У стола остались Коршун и Стриж, а над ними сверху Горбачиха, старуха лесная.
На рассвете Стриж сказал:
— Все, — и обратись к Ворону. — Без мала триста тысяч рублей.
Ворон все курил.
— Куда их? — спросил Коршун.
— Как решили — оставим у Горбачихи до завтра, а завтра повезем в Питер, в комитет.
У Стрижа усы зашевелились, как тараканьи щупальца. Горбачиха, охнув, отвернулась в запечную темницу. Коршун стал быстро завертывать деньги в газетную бумагу, потом, встав на стул, положил их под божницу.
Вдруг изба вспыхнула белым светом, что-то провалилось в небе и рассыпалось на крышу белым камнем, и вой стада свиней в трубе на минуту смолк. Избушка вздрогнула, Горбачиха перекрестилась. Коршун чуть не упал со стула, Стриж нагнулся, как под ударом. Все было поражено молнией и громом. Только Ворон остался недвижим. Хлестнул дождь густой и крупный. В нем луна, как утлый челн, потонула у западного края горизонта за осветившимся мелким лесом.
Еще и еще удары. Избушка вздрагивала. Сокол бредил. Горбачиха крестилась. Ворон курил. Стриж и Коршун укладывались спать головой под стол, на котором считали деньги.
Когда стало светать, и гроза ушла за много верст, и дождь стал утихать, Ворон посмотрел на часы: четыре с половиной. А в пять решено было двигаться. Он стал будить спящих. Среди них недоставало Стрижа. Все стали искать — звать его по лесу, но ни одному не удалось его вызвать.
Серое утро, сырое и нехорошее, подымалось над лесом.
Ворон, Сокол, Ласточка и Коршун направились к берегу Камы одни, чтобы на лодке подняться к городу, так как медлить было нельзя.
— Вечером, — сказал Коршун, — кто-нибудь из нас вернется за деньгами.
Ворон, который занес было свою ногу в лодку, вдруг остановился как вкопанный.
— Вечером! Нет, давайте лучше сейчас. Сокол, беги к Горбачихе!
— Ты не найдешь, — сказал Коршун и побежал вслед за Соколом.
Избушка была недалеко от берега. Вскоре Сокол и Коршун вернулись с деньгами. Положили их под скамейку в лодке.
— Значит, вечером не вернемся к Горбачихе? — спросил Сокол.
— Нет, — ответил Ворон и, склонившись на корме на правый бок, задремал под ленивый и тихий, ласковый шелест волн. Задремал, заснул, как дитя.
Две пары весел дружно ударили по затихшей воде.
Какая-то птичка, умывшись дождем, тонким свистом провожала отплывающих.

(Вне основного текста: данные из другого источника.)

(* For every density matrix $\sigma''$ on $\mathcal{H}$ with largest eigenvalue $\alpha$, $$d(\sigma'')\ge \alpha^{-1}\big(1+R_g(\sigma'')\big).$$
   Context: $\mathcal{H}=\mathcal{H}_1\otimes\cdots\otimes\mathcal{H}_m$ is finite-dimensional. A positive semidefinite operator is separable if it is a nonnegative combination of tensor products of positive semidefinite operators on the $\mathcal{H}_k$; $\mathfrak{S}$ is the set of separable density matrices. For a density matrix $\sigma$, $d(\sigma):=\min \mathrm{Tr}(\Pi)/\mathrm{Tr}(\sigma\Pi)$ over separable positive semidefinite operators $\Pi$ with $\mathrm{Tr}(\sigma\Pi)>0$ and $0\le \Pi/\mathrm{Tr}(\sigma\Pi)\le I$. Global robustness: $R_g(\sigma)=\min\{t\ge0:\exists$ a density matrix $\varrho$ with $(\sigma+t\varrho)/(1+t)\in\mathfrak{S}\}$. *)

(* Operators on a finite-dimensional Hilbert space with an
   orthonormal basis indexed by a finType T are represented by their matrices
   T -> T -> C, over an arbitrary numClosedFieldType C (e.g. the complex numbers). *)
From HB Require Import structures.
From mathcomp Require Import all_boot all_order all_algebra.
Set Implicit Arguments. Unset Strict Implicit. Unset Printing Implicit Defensive.
Import Order.TTheory GRing.Theory Num.Theory.
Local Open Scope ring_scope.

Section Ops.
Variable C : numClosedFieldType.

Definition op (T : finType) := T -> T -> C.

Definition tr (T : finType) (A : op T) : C := \sum_(i : T) A i i.

Definition opmul (T : finType) (A B : op T) : op T :=
  fun i j => \sum_(k : T) A i k * B k j.

Definition opscale (T : finType) (a : C) (A : op T) : op T := fun i j => a * A i j.

Definition opid (T : finType) : op T := fun i j => if i == j then 1 else 0.

Definition opsub (T : finType) (A B : op T) : op T := fun i j => A i j - B i j.

(* positive semidefinite: <v, A v> >= 0 for every vector v
   (in a numClosedFieldType, 0 <= z means z is real and nonnegative) *)
Definition psd (T : finType) (A : op T) : Prop :=
  forall v : T -> C, 0 <= \sum_(i : T) \sum_(j : T) (v i)^* * A i j * v j.

Definition loewner_le (T : finType) (A B : op T) : Prop := psd (opsub B A).

Definition density (T : finType) (A : op T) : Prop := psd A /\ tr A = 1.

Definition eigenvalue (T : finType) (A : op T) (l : C) : Prop :=
  exists v : T -> C, (exists i, v i != 0) /\
    forall i, \sum_(j : T) A i j * v j = l * v i.

Definition largest_eigenvalue (T : finType) (A : op T) (a : C) : Prop :=
  eigenvalue A a /\ forall l, eigenvalue A l -> l <= a.

(* Multipartite space H = H_1 (x) ... (x) H_m with dim H_k = d k;
   basis indexed by tuples (x_k)_k with x_k : 'I_(d k). *)
Definition msys (m : nat) (d : 'I_m -> nat) : finType :=
  {dffun forall k : 'I_m, 'I_(d k)}.

Definition tensor (m : nat) (d : 'I_m -> nat) (P : forall k : 'I_m, op 'I_(d k))
  : op (msys d) :=
  fun x y => \prod_(k < m) P k (x k) (y k).

Definition separable (m : nat) (d : 'I_m -> nat) (Pi : op (msys d)) : Prop :=
  exists (n : nat) (c : 'I_n -> C) (P : 'I_n -> forall k : 'I_m, op 'I_(d k)),
    (forall i, 0 <= c i) /\ (forall i k, psd (P i k)) /\
    forall x y, Pi x y = \sum_(i < n) c i * tensor (P i) x y.

Definition sep_state (m : nat) (d : 'I_m -> nat) (rho : op (msys d)) : Prop :=
  density rho /\ separable rho.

Сквозь уличную пыль, поднимаемую ногами, тускло светило солнце. Желтым светом оно обливало здание суда. Платон, звеня цепями по мостовой, шел к этому зданию. Шел молодо, весело, хорошо. Не шел, а нес себя, как офицер в церемониальном марше. Даже не сутулился.

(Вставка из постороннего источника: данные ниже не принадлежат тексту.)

(** A binary tree is determined by the sequence [r_S] of the sizes of its right
    subtrees, and [S <= T] in the Tamari order iff [r_S <= r_T] componentwise:
    a rotation only enlarges one entry, and conversely a tree dominated by [T]
    can be rotated to have the same root as [T], and one recurses into the
    two subtrees.  Mirroring gives
    the same for left subtree sizes [l_T], with the order reversed.  The
    sequences of the form [r_S] (resp. [l_T]) are exactly the Tamari diagrams
    (resp. dual ones), and [S <= T] iff [(r_S, l_T)] satisfies the
    compatibility condition of Tamari interval diagrams, because node [j] lies
    in the right subtree of node [i] of [T] iff no node between them has a
    left subtree reaching back to [i].  In an interval [r_S(i)] and
    [l_T(i+1)] are never both positive, so [c_i = r_S(i) - l_T(i+1)] records
    both through its positive and negative parts, and comparing the [c_i]
    amounts to comparing [r_S] and [l_T] separately. *)

Set Implicit Arguments. Unset Strict Implicit.

(* 0-indexed: [rs t i] is r_t(i+1) and [ls t i] is l_t(i+1). *)
Notation rs t i := (nth 0 (rsizes t) i).
Notation ls t i := (nth 0 (lsizes t) i).

Lemma size_rsizes t : size (rsizes t) = bt_size t.
Proof. by elim: t => //= l IHl r IHr; rewrite size_cat /= IHl IHr addnS. Qed.

Lemma size_lsizes t : size (lsizes t) = bt_size t.
Proof. by elim: t => //= l IHl r IHr; rewrite size_cat /= IHl IHr addnS. Qed.

Lemma nth_cat_mid (s1 s2 : seq nat) x i :
  nth 0 (s1 ++ x :: s2) i =
  if i < size s1 then nth 0 s1 i else if i == size s1 then x
  else nth 0 s2 (i - (size s1).+1).
Proof.
rewrite nth_cat; case: ltnP => // hi; case: eqVneq => [->|ne]; first by rewrite subnn.
by have -> : i - size s1 = (i - (size s1).+1).+1 by lia.
Qed.

Lemma rs_Node l r i :
  rs (Node l r) i = if i < bt_size l then rs l i else if i == bt_size l then bt_size r
                    else rs r (i - (bt_size l).+1).
Proof. by rewrite /= nth_cat_mid size_rsizes. Qed.

Lemma ls_Node l r i :
  ls (Node l r) i = if i < bt_size l then ls l i else if i == bt_size l then bt_size l
                    else ls r (i - (bt_size l).+1).
Proof. by rewrite /= nth_cat_mid size_lsizes. Qed.

Lemma rs_bound t i : i < bt_size t -> rs t i + i < bt_size t.
Proof.
elim: t i => //= l IHl r IHr i hi; rewrite rs_Node.
case: (ltnP i (bt_size l)) => h1; first by have := IHl i h1; lia.
case: eqVneq => h2; first lia.
have := IHr (i - (bt_size l).+1); lia.
Qed.

Lemma rs_last t i : bt_size t <= i.+1 -> rs t i = 0.
Proof.
move=> h; case: (ltnP i (bt_size t)) => hi; first by have := rs_bound hi; lia.
by rewrite nth_default // size_rsizes.
Qed.

Lemma ls_le t i : ls t i <= i.
Proof.
elim: t i => [i|l IHl r IHr i]; first by rewrite nth_nil.
rewrite ls_Node; case: (ltnP i (bt_size l)) => h1; first exact: IHl.
case: eqVneq => h2; first lia.
have := IHr (i - (bt_size l).+1); lia.
Qed.

Lemma ls0 t : ls t 0 = 0.
Proof. by apply/eqP; rewrite -leqn0 ls_le. Qed.

Definition pointwise_le (s t : seq nat) :=
  size s = size t /\ forall i, nth 0 s i <= nth 0 t i.

Lemma pointwise_le_refl s : pointwise_le s s.
Proof. by []. Qed.

Lemma pointwise_le_trans s t u :
  pointwise_le s t -> pointwise_le t u -> pointwise_le s u.
Proof.
by move=> [e1 h1] [e2 h2]; split=> [|i]; [rewrite e1 | apply: leq_trans (h1 i) (h2 i)].
Qed.

Lemma pointwise_le_cat s s' t t' :
  pointwise_le s s' -> pointwise_le t t' -> pointwise_le (s ++ t) (s' ++ t').
Proof.
move=> [hs h1] [ht h2]; split; first by rewrite !size_cat hs ht.
by move=> i; rewrite !nth_cat hs; case: ifP.
Qed.

Lemma pointwise_le_cons x y s t :
  x <= y -> pointwise_le s t -> pointwise_le (x :: s) (y :: t).
Proof. by move=> hx [hs h]; split=> [|[]] /=; rewrite ?hs. Qed.

Lemma pointwise_le_take k s t : pointwise_le s t -> pointwise_le (take k s) (take k t).
Proof.
move=> [hs h]; split; first by rewrite !size_take hs.
move=> i; case: (ltnP i k) => hi; first by rewrite !nth_take.
by rewrite !nth_default // size_take; case: ltnP => //; lia.
Qed.

Lemma pointwise_le_drop k s t : pointwise_le s t -> pointwise_le (drop k s) (drop k t).
Proof. by move=> [hs h]; split=> [|i]; rewrite ?size_drop ?hs // !nth_drop. Qed.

В суде по лестнице, в коридорах, у столов веяло зеленой покорностью, как в католической церкви. Потому что и церковь — суд. Судья там — бог.

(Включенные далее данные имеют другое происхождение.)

(* Consider the control-affine system described in the context, with safe set $\mathcal{C}=\{x\in\mathbb{R}^{m+n}: h(x)\geq 0\}$. Suppose that: (i) Assumptions A, B and C (see context) hold; (ii) there exist positive constants $\gamma,\epsilon_1,\epsilon_2>0$ and $\gamma^\theta_i,\gamma^\lambda_i>0$, $i\in[n]$, such that for every $x\in\mathcal{C}$ the set $$K_{BF}(x)=\{\mathfrak{u}\in\mathbb{R}^n : \Psi_0(x)+\Psi_1(x)\mathfrak{u}\geq 0\}$$ is non-empty, where $$\Psi_0(x)=\mathcal{M}(x)+\sum_{i=1}^n h_{x_2,i}(x)\,\theta_i^{0\top}\varphi_i(x)-n(\epsilon_1+\epsilon_2)+\gamma\Big[h(x)-\sum_{i=1}^n\Big(\frac{\bar\mu_i^2}{2\gamma_i^\theta}+\frac{\bar\nu_i^2}{2\gamma_i^\lambda}\Big)\Big],$$ $$\Psi_1(x)=\big[h_{x_2,1}^2(g_1+\lambda_1^{0\top}\psi_1),\ h_{x_2,2}^2(g_2+\lambda_2^{0\top}\psi_2),\ \dots,\ h_{x_2,n}^2(g_n+\lambda_n^{0\top}\psi_n)\big]\in\mathbb{R}^{1\times n}$$ (all functions evaluated at $x$); (iii) for each $i\in[n]$, the scalar estimates $\hat\mu_i,\hat\nu_i$ evolve according to $$\dot{\hat\mu}_i=-\gamma\hat\mu_i+\gamma_i^\theta|h_{x_2,i}|\,\|\varphi_i\|,\qquad \dot{\hat\nu}_i=-\gamma\hat\nu_i+\gamma_i^\lambda h_{x_2,i}^2|u_{0,i}|\,\|\psi_i\|,$$ with $\hat\mu_i(0)>0$, $\hat\nu_i(0)>0$, where $u_0=[u_{0,1},\dots,u_{0,n}]^\top$ is a Lipschitz function satisfying $u_0\in K_{BF}(x)$; (iv) $h(x(0))\geq \sum_{i=1}^n\Big(\frac{\hat\mu_i(0)^2+\bar\mu_i^2}{2\gamma_i^\theta}+\frac{\hat\nu_i(0)^2+\bar\nu_i^2}{2\gamma_i^\lambda}\Big)$. Then the control input $u=h_{x_2}^\top\odot s(u_0)\in\mathbb{R}^n$, where $s(u_0)=[s_1(u_{0,1}),\dots,s_n(u_{0,n})]^\top$ with $$s_i(u_{0,i})=u_{0,i}+\frac{\kappa_{1,i}}{b_i}+\frac{\kappa_{2,i}^2u_{0,i}^2}{b_i(\kappa_{2,i}|h_{x_2,i}||u_{0,i}|+\epsilon_2)},\quad \kappa_{1,i}=\frac{\hat\mu_i^2\|\varphi_i\|^2}{\hat\mu_i\|\varphi_i\||h_{x_2,i}|+\epsilon_1},\quad \kappa_{2,i}=\hat\nu_i\|\psi_i\||h_{x_2,i}|,$$ ensures $h(x(t))\geq 0$ for all $t>0$ along the closed-loop trajectory.
   Context: Let $m\ge 0$, $n\ge 1$ be integers, $[n]=\{1,\dots,n\}$. The state is $x=(x_1,x_2)\in\mathbb{R}^{m+n}$, $x_1\in\mathbb{R}^m$, $x_2\in\mathbb{R}^n$, the input $u\in\mathbb{R}^n$, and the system is $$\dot x=f(x)+f_u(x)+\begin{pmatrix}0_m\\ f_\theta(x)\end{pmatrix}+\begin{pmatrix}0_{m\times n}\\ g(x)+g_\lambda(x)\end{pmatrix}u,$$ where $f:\mathbb{R}^{m+n}\to\mathbb{R}^{m+n}$ is a known Lipschitz function, $f_u:\mathbb{R}^{m+n}\to\mathbb{R}^{m+n}$ is an unknown Lipschitz function, $f_\theta(x)=[\theta_1^\top\varphi_1(x),\dots,\theta_n^\top\varphi_n(x)]^\top$, $g(x)=\mathrm{diag}(g_1(x),\dots,g_n(x))$, $g_\lambda(x)=\mathrm{diag}(\lambda_1^\top\psi_1(x),\dots,\lambda_n^\top\psi_n(x))$, with known functions $g_i:\mathbb{R}^{m+n}\to\mathbb{R}$, $\varphi_i:\mathbb{R}^{m+n}\to\mathbb{R}^{p_i}$, $\psi_i:\mathbb{R}^{m+n}\to\mathbb{R}^{q_i}$, and unknown constant parameter vectors $\theta_i\in\mathbb{R}^{p_i}$, $\lambda_i\in\mathbb{R}^{q_i}$. The function $h:\mathbb{R}^{m+n}\to\mathbb{R}$ is continuously differentiable; $h_x=\partial h/\partial x\in\mathbb{R}^{1\times(m+n)}$ and $h_{x_2}=\partial h/\partial x_2\in\mathbb{R}^{1\times n}$ are row vectors with entries $h_{x,j}$, $h_{x_2,i}$. Norms are Euclidean; $\odot$ is the entrywise (Hadamard) product; vector inequalities are entrywise. Assumption A: there are known functions $\underline f_u,\overline f_u:\mathbb{R}^{m+n}\to\mathbb{R}^{m+n}$ with $\underline f_u(x)\le f_u(x)\le\overline f_u(x)$ for all $x$; write $\underline f_{u,j},\overline f_{u,j}$ for their entries. Assumption B: for each $i\in[n]$ there are known vectors with $\underline\theta_i\le\theta_i\le\overline\theta_i$ and $\underline\lambda_i\le\lambda_i\le\overline\lambda_i$. Assumption C: for each $i\in[n]$ there is a constant $b_i>0$ such that $g_i(x)+\lambda_i^\top\psi_i(x)\geq b_i$ for all $x\in\mathcal{C}$. Fix nominal values $\theta_i^0,\lambda_i^0$ with $\underline\theta_i\le\theta_i^0\le\overline\theta_i$, $\underline\lambda_i\le\lambda_i^0\le\overline\lambda_i$, and set $\bar\mu_i=\sqrt{\sum_{j=1}^{p_i}\max\{((\overline\theta_i)_j-(\theta_i^0)_j)^2,((\underline\theta_i)_j-(\theta_i^0)_j)^2\}}$, $\bar\nu_i=\sqrt{\sum_{j=1}^{q_i}\max\{((\overline\lambda_i)_j-(\lambda_i^0)_j)^2,((\underline\lambda_i)_j-(\lambda_i^0)_j)^2\}}$ (so that $\|\theta_i-\theta_i^0\|\le\bar\mu_i$, $\|\lambda_i-\lambda_i^0\|\le\bar\nu_i$). Define $\mathcal{M}(x)=h_x(x)f(x)+\sum_{j=1}^{m+n}\min\{h_{x,j}(x)\underline f_{u,j}(x),\,h_{x,j}(x)\overline f_{u,j}(x)\}$. *)

From HB Require Import structures.
From mathcomp Require Import all_boot all_order all_algebra.
From mathcomp Require Import all_classical all_reals all_analysis.
Set Implicit Arguments. Unset Strict Implicit. Unset Printing Implicit Defensive.
Import Order.TTheory GRing.Theory Num.Theory.
Import numFieldNormedType.Exports.
Local Open Scope ring_scope.
Local Open Scope classical_set_scope.

Definition dotv (R : realType) (k : nat) (a b : 'I_k -> R) : R :=
  \sum_(j < k) a j * b j.
Definition enorm (R : realType) (k : nat) (a : 'I_k -> R) : R :=
  Num.sqrt (\sum_(j < k) a j ^+ 2).

Definition partial (R : realType) (N : nat) (h : 'rV[R]_N -> R)
  (x : 'rV[R]_N) (j : 'I_N) : R := 'D_(delta_mx 0 j) h x.

Definition hx2 (R : realType) (m n : nat) (h : 'rV[R]_(m + n) -> R)
  (x : 'rV[R]_(m + n)) (i : 'I_n) : R := partial h x (rshift m i).

(* \bar mu_i and \bar nu_i from the parameter box and nominal value *)
Definition bound_rad (R : realType) (k : nat) (lo hi nom : 'I_k -> R) : R :=
  Num.sqrt (\sum_(j < k) Num.max ((hi j - nom j) ^+ 2) ((lo j - nom j) ^+ 2)).

Definition Mfun (R : realType) (N : nat) (h : 'rV[R]_N -> R)
  (f fulo fuhi : 'rV[R]_N -> 'rV[R]_N) (x : 'rV[R]_N) : R :=
  \sum_(j < N) partial h x j * f x 0 j
  + \sum_(j < N) Num.min (partial h x j * fulo x 0 j) (partial h x j * fuhi x 0 j).

Definition sys_rhs (R : realType) (m n : nat) (p q : 'I_n -> nat)
  (f fu : 'rV[R]_(m + n) -> 'rV[R]_(m + n))
  (theta : forall i : 'I_n, 'I_(p i) -> R)
  (phi : forall i : 'I_n, 'rV[R]_(m + n) -> 'I_(p i) -> R)
  (g : 'I_n -> 'rV[R]_(m + n) -> R)
  (lam : forall i : 'I_n, 'I_(q i) -> R)
  (psi : forall i : 'I_n, 'rV[R]_(m + n) -> 'I_(q i) -> R)
  (x : 'rV[R]_(m + n)) (u : 'I_n -> R) : 'rV[R]_(m + n) :=
  \row_(j < m + n)
    (f x 0 j + fu x 0 j +
     match fintype.split j with
     | inl _ => 0
     | inr i => dotv (theta i) (phi i x)
                + (g i x + dotv (lam i) (psi i x)) * u i
     end).

Definition kappa1 (R : realType) (muh nphi hx2i eps1 : R) : R :=
  muh ^+ 2 * nphi ^+ 2 / (muh * nphi * `|hx2i| + eps1).
Definition kappa2 (R : realType) (nuh npsi hx2i : R) : R :=
  nuh * npsi * `|hx2i|.
Definition s_fun (R : realType) (u0i k1 k2 bi hx2i eps2 : R) : R :=
  u0i + k1 / bi + k2 ^+ 2 * u0i ^+ 2 / (bi * (k2 * `|hx2i| * `|u0i| + eps2)).
Definition ctrl (R : realType) (u0i muh nuh nphi npsi bi hx2i eps1 eps2 : R) : R :=
  hx2i * s_fun u0i (kappa1 muh nphi hx2i eps1) (kappa2 nuh npsi hx2i) bi hx2i eps2.

(* Lyapunov argument for V = h(x) - sum_i ((mu_i - mubar_i)^2 / (2 gth_i)
   + (nu_i - nubar_i)^2 / (2 glam_i)), where mu_i, nu_i are the estimates.
   Wherever h(x) >= 0, Cauchy-Schwarz bounds the parameter mismatch of channel i
   by mubar_i |h_{x2,i}| |phi_i| (resp. nubar_i h_{x2,i}^2 |u0_i| |psi_i|).  Since
   g_i + lam_i.psi_i >= b_i and z - eps <= z^2 / (z + eps), the robustifying
   terms of s_i contribute at least mu_i |h_{x2,i}| |phi_i| - eps1 (resp. with nu_i
   and eps2), and the update laws contribute the missing
   (mubar_i - mu_i) |h_{x2,i}| |phi_i|, so that V' + gamma V >= Psi0 + Psi1 u0 >= 0.
   By Gronwall, V(0) <= e^(gamma t) V(t) as long as h stays nonnegative.  The
   estimates stay positive and, by the initial condition,
   V(0) >= sum_i (mu_i(0) mubar_i / gth_i + nu_i(0) nubar_i / glam_i), which
   forces h(x(t)) > 0; a first-exit argument makes this global. *)

From HB Require Import structures.
From mathcomp Require Import all_boot all_order all_algebra.
From mathcomp Require Import all_classical all_reals all_analysis.
From mathcomp Require Import ring lra.
Set Implicit Arguments.
Unset Strict Implicit.
Unset Printing Implicit Defensive.

Import Order.TTheory GRing.Theory Num.Theory.
Import numFieldNormedType.Exports.
Local Open Scope ring_scope.
Local Open Scope classical_set_scope.

Section EuclideanBounds.
Variables (R : realType) (k : nat).
Implicit Types a b lo hi th nom : 'I_k -> R.

Lemma sum_sqr_ge0 a : 0 <= \sum_(j < k) a j ^+ 2.
Proof. by apply: sumr_ge0 => j _; apply: sqr_ge0. Qed.

Lemma sqr_sum_mul_le a b :
  (\sum_(j < k) a j * b j) ^+ 2 <= (\sum_(j < k) a j ^+ 2) * \sum_(j < k) b j ^+ 2.
Proof.
set A := \sum_(j < k) a j ^+ 2; set B := \sum_(j < k) b j ^+ 2.
set S := \sum_(j < k) a j * b j.
have quad_ge0 t : 0 <= t ^+ 2 * A + 2 * t * S + B.
  have -> : t ^+ 2 * A + 2 * t * S + B = \sum_(j < k) (t * a j + b j) ^+ 2.
    rewrite /A /B /S !mulr_sumr -!big_split /=.
    by apply: eq_bigr => j _; ring.
  exact: sum_sqr_ge0.
have [A_gt0|A_le0] := ltP 0 A.
  have := quad_ge0 (- S / A).
  have -> : (- S / A) ^+ 2 * A + 2 * (- S / A) * S + B = B - S ^+ 2 / A.
    by field; rewrite gt_eqF.
  by rewrite subr_ge0 ler_pdivrMr // mulrC.
have a0 j : a j = 0.
  apply/eqP; rewrite -sqrf_eq0 eq_le sqr_ge0 andbT (le_trans _ A_le0) //.
  by rewrite /A (bigD1 j) //= lerDl sumr_ge0 // => i _; apply: sqr_ge0.
have -> : S = 0 by rewrite /S big1 // => j _; rewrite a0 mul0r.
by rewrite expr0n mulr_ge0 ?sum_sqr_ge0.
Qed.

Lemma enorm_ge0 a : 0 <= enorm a.
Proof. exact: sqrtr_ge0. Qed.

Lemma normr_dotv_le a b : `|dotv a b| <= enorm a * enorm b.
Proof.
rewrite /enorm -sqrtrM ?sum_sqr_ge0 // -sqrtr_sqr ler_sqrt ?mulr_ge0 ?sum_sqr_ge0 //.
exact: sqr_sum_mul_le.
Qed.

Lemma enorm_sub_le_bound_rad lo hi th nom :
  (forall j, lo j <= th j <= hi j) -> (forall j, lo j <= nom j <= hi j) ->
  enorm (fun j => th j - nom j) <= bound_rad lo hi nom.
Proof.
move=> th_in nom_in; rewrite ler_sqrt; last first.
  by apply: sumr_ge0 => j _; rewrite le_max sqr_ge0.
apply: ler_sum => j _; rewrite le_max.
move: (th_in j) (nom_in j) => /andP[lo_th th_hi] /andP[lo_nom nom_hi].
by apply/orP; have [le_nom_th|lt_th_nom] := leP (nom j) (th j); [left | right]; nra.
Qed.

Lemma dotv_dev_le lo hi th nom a :
  (forall j, lo j <= th j <= hi j) -> (forall j, lo j <= nom j <= hi j) ->
  `|dotv th a - dotv nom a| <= bound_rad lo hi nom * enorm a.
Proof.
move=> th_in nom_in.
have -> : dotv th a - dotv nom a = dotv (fun j => th j - nom j) a.
  by rewrite /dotv -sumrB; apply: eq_bigr => j _; rewrite mulrBl.
apply: le_trans (normr_dotv_le _ _) _.
by rewrite ler_wpM2r ?enorm_ge0 ?enorm_sub_le_bound_rad.
Qed.

End EuclideanBounds.

Section Comparison.
Variable R : realType.
Implicit Types (F : R -> R) (gam c t : R).

Lemma is_derive_expR_scale gam t :
  is_derive t 1 (fun s => expR (gam * s)) (expR (gam * t) * gam).
Proof.
apply: (@is_derive1_comp R expR (fun s => gam * s)).
by rewrite -[X in is_derive _ _ _ X]mulr1; apply: is_deriveZ.
Qed.

(* Grönwall: [expR (gam * s) * F s] is nondecreasing on [0, c]. *)
Lemma le_expR_mul_of_rate F gam c : 0 <= c ->
  {within `[0, c], continuous F} ->
  (forall t, 0 < t < c -> derivable F t 1 /\ 0 <= 'D_1 F t + gam * F t) ->
  F 0 <= expR (gam * c) * F c.
Proof.
move=> c0 Fc F_rate.
pose G s := expR (gam * s) * F s.
have dG t : 0 < t < c -> is_derive t 1 G (expR (gam * t) * ('D_1 F t + gam * F t)).
  move=> /F_rate[dF _].
  apply: is_derive_eq (is_deriveM (is_derive_expR_scale gam t) (derivableP dF)) _.
  by rewrite /GRing.scale /=; ring.
have := @ger0_derive1_le_cc R G 0 c _ _ _ 0 c.
rewrite /G mulr0 expR0 mul1r; apply => //.
- by move=> t; rewrite in_itv /= => /dG[].
- move=> t; rewrite in_itv /= => tc; rewrite derive1E; have := dG t tc => /@derive_val ->.
  by rewrite mulr_ge0 ?expR_ge0 //; case: (F_rate t tc).
- move=> t; apply: (@continuousM R (subspace `[0, c]) _ F t); last exact: Fc.
  apply: continuous_subspaceT => s.
  apply/differentiable_continuous/derivable1_diffP.
  by have [] := is_derive_expR_scale gam s.
- by rewrite in_itv /= lexx.
- by rewrite in_itv /= lexx c0.
Qed.

Lemma gt0_of_rate F gam r :
  {within `[0, +oo[, continuous F} ->
  (forall t, 0 < t -> derivable F t 1 /\ 0 <= 'D_1 F t + gam * F t) ->
  0 < F 0 -> 0 <= r -> 0 < F r.
Proof.
move=> Fc F_rate F0 r0.
have : F 0 <= expR (gam * r) * F r.
  apply: le_expR_mul_of_rate => // [|t /andP[t0 _]]; last exact: F_rate.
  by apply: continuous_subspaceW Fc; apply: subset_itv; rewrite ?bnd_simp.
by move=> /(lt_le_trans F0); rewrite pmulr_rgt0 ?expR_gt0.
Qed.

Lemma gt0_continuous_induction F :
  {within `[0, +oo[, continuous F} ->
  (forall c, 0 <= c -> (forall s, 0 <= s < c -> 0 < F s) -> 0 < F c) ->
  forall t, 0 <= t -> 0 < F t.
Proof.
move=> Fc step t t0; rewrite ltNge; apply/negP => Ft.
(* [inf Z] is the first time at which [F] is nonpositive: [step] makes [F] positive
   there, hence near it by continuity. *)
pose Z := [set s | 0 <= s <= t /\ F s <= 0].
have Zt : Z t by split; rewrite ?t0 ?lexx.
have Z_lb : has_lbound Z by exists 0 => s [/andP[]].
have Z_inf : has_inf Z by split => //; exists t.
have ts0 : 0 <= inf Z by apply: lb_le_inf (proj1 Z_inf) _ => s [/andP[]].
have F_pos s : 0 <= s < inf Z -> 0 < F s.
  case/andP=> s0 s_lt; rewrite ltNge; apply/negP => Fs.
  have Zs : Z s by split; rewrite // s0 (le_trans (ltW s_lt)) // ge_inf.
  by move: s_lt; rewrite ltNge ge_inf.
have F_near : \forall s \near inf Z, 0 <= s -> 0 < F s.
  have := cvgr_gt (F (inf Z)) (Fc (inf Z)) 0 (step _ ts0 F_pos).
  move=> /(_ (nbhs_filter (inf Z : subspace `[0, +oo[))).
  case: (@nbhs_subspaceP R [set` `[0, +oo[%R] (inf Z)) => [_|]; last first.
    by rewrite /= in_itv /= ts0.
  move=> F_within; near=> s => s0.
  have : `[0, +oo[%classic s -> 0 < F s by near: s.
  by apply; rewrite /= in_itv /= s0.
have /nbhs_ballP[d /= d0 F_ball] := F_near.
have [z Zz z_lt] := inf_adherent d0 Z_inf.
have ts_z := ge_inf Z_lb Zz; case: Zz => /andP[z0 _] Fz.
suff : 0 < F z by rewrite ltNge Fz.
by apply: F_ball z0; rewrite /ball /= distrC ger0_norm ?subr_ge0 // ltrBlDl.
Unshelve. all: by end_near.
Qed.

Суд — обручи земной жизни. Не будь их, до чего могла бы дойти многобурная, непокорная самой себе человеческая жизнь.
Бог — справедливость. Суд — отражение его. Бог — солнце. Суд — луна. Луна — мертвый лик. Судья неустанными упражнениями в светлой справедливости стерилизовал в себе человеческие побуждения, превратившись в прибор, измеряющий степень правды. Ходячий термометр справедливости. Судья — вечный спутник простого человека, как луна — спутник грешной земли.